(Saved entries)

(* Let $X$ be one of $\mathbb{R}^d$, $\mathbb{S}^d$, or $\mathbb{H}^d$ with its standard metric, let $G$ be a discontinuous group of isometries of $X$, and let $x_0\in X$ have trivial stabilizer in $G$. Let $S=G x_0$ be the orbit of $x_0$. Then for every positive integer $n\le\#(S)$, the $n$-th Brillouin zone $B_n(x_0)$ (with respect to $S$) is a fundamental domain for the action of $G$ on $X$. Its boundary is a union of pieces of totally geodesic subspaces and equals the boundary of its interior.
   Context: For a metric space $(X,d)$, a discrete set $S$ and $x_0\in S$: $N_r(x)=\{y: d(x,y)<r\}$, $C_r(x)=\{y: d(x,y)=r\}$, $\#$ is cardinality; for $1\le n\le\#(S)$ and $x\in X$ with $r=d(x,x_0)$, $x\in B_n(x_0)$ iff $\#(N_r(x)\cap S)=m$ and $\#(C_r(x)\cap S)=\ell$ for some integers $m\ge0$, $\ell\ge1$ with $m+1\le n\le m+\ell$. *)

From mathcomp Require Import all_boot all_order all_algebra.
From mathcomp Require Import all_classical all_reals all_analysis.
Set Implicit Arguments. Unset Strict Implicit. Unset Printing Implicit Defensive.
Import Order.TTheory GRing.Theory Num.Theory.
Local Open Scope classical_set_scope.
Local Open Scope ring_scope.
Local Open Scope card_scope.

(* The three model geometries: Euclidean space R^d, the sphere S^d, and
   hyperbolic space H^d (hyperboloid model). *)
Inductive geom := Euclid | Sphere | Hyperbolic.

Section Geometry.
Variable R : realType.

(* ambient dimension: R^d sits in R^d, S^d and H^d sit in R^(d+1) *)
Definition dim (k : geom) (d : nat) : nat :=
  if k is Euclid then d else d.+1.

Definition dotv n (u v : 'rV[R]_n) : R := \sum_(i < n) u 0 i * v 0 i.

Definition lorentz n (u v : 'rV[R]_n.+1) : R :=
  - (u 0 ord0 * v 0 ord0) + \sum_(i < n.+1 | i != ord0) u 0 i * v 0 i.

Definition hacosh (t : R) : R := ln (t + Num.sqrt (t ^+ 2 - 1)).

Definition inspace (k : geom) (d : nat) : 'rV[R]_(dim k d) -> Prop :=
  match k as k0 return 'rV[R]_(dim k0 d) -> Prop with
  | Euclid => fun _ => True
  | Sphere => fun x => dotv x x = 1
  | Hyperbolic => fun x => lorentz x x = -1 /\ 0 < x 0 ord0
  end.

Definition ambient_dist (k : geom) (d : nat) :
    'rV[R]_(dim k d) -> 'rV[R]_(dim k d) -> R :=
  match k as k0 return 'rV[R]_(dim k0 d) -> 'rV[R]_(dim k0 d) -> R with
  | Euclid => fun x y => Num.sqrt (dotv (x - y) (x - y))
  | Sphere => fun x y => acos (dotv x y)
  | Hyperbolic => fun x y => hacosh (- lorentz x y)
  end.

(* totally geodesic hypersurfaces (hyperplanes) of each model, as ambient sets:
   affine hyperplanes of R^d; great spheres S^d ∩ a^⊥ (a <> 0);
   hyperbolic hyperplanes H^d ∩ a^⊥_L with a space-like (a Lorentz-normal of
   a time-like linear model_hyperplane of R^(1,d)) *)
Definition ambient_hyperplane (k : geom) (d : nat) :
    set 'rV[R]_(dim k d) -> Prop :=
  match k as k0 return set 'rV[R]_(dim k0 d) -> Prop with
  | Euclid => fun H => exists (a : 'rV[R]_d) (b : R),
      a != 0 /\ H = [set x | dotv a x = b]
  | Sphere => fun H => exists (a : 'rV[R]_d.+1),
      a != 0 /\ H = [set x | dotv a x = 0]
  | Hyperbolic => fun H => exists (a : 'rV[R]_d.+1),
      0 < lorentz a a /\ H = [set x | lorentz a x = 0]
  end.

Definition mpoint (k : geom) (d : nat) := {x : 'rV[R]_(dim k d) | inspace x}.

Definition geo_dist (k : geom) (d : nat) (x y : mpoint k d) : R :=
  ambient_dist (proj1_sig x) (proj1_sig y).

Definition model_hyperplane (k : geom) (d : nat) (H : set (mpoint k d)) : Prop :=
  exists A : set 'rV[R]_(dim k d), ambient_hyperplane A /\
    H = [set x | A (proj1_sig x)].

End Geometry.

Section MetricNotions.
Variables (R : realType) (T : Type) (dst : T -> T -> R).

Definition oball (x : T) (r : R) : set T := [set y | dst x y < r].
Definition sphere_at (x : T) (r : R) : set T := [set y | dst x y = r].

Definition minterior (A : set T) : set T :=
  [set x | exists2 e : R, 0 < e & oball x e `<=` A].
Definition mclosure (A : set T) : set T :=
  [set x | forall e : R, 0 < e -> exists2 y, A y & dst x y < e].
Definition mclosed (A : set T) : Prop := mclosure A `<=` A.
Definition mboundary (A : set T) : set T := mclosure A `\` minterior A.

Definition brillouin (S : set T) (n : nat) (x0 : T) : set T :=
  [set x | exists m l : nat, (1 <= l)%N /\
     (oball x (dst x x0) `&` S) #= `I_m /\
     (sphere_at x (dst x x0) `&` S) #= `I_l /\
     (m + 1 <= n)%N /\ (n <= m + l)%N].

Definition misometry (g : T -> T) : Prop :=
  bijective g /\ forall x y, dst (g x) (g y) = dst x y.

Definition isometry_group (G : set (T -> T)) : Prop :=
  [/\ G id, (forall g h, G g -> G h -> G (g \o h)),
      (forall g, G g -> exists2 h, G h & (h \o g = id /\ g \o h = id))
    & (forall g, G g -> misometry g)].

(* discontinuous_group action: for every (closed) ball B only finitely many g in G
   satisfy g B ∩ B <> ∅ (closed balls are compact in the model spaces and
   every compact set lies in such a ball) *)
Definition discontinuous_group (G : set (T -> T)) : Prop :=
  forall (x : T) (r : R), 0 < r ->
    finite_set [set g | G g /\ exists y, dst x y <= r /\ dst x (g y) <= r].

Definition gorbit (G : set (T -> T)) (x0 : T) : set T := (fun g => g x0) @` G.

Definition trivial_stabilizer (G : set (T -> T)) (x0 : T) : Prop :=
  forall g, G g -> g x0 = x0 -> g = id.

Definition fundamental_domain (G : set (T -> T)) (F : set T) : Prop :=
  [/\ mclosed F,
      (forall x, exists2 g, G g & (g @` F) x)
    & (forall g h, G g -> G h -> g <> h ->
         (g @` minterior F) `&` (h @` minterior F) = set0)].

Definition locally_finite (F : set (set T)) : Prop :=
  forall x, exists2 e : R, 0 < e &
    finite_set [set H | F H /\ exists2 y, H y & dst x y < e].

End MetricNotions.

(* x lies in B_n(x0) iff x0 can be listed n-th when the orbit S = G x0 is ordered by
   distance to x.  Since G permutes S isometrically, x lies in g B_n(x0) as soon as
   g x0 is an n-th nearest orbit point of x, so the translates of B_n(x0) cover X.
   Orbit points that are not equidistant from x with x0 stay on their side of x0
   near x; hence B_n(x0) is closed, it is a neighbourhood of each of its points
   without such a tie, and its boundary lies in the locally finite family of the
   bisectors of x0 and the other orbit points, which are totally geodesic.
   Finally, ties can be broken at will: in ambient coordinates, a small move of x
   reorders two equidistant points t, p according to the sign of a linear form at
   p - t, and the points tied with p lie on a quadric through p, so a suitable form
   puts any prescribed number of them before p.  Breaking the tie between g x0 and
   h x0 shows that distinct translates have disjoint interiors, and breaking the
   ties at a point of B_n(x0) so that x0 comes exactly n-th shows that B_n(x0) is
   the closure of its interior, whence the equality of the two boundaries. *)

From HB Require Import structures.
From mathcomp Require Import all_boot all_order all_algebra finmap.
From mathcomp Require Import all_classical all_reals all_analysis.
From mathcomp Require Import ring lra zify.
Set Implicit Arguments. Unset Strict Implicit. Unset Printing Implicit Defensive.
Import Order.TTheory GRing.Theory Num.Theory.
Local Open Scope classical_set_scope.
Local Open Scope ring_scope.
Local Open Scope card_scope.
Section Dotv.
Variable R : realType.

### What is expected
Scan the records for the word "mpoint", and copy each line where it is found.

### Response
Definition mpoint (k : geom) (d : nat) := {x : 'rV[R]_(dim k d) | inspace x}.
Definition geo_dist (k : geom) (d : nat) (x y : mpoint k d) : R :=
Definition model_hyperplane (k : geom) (d : nat) (H : set (mpoint k d)) : Prop :=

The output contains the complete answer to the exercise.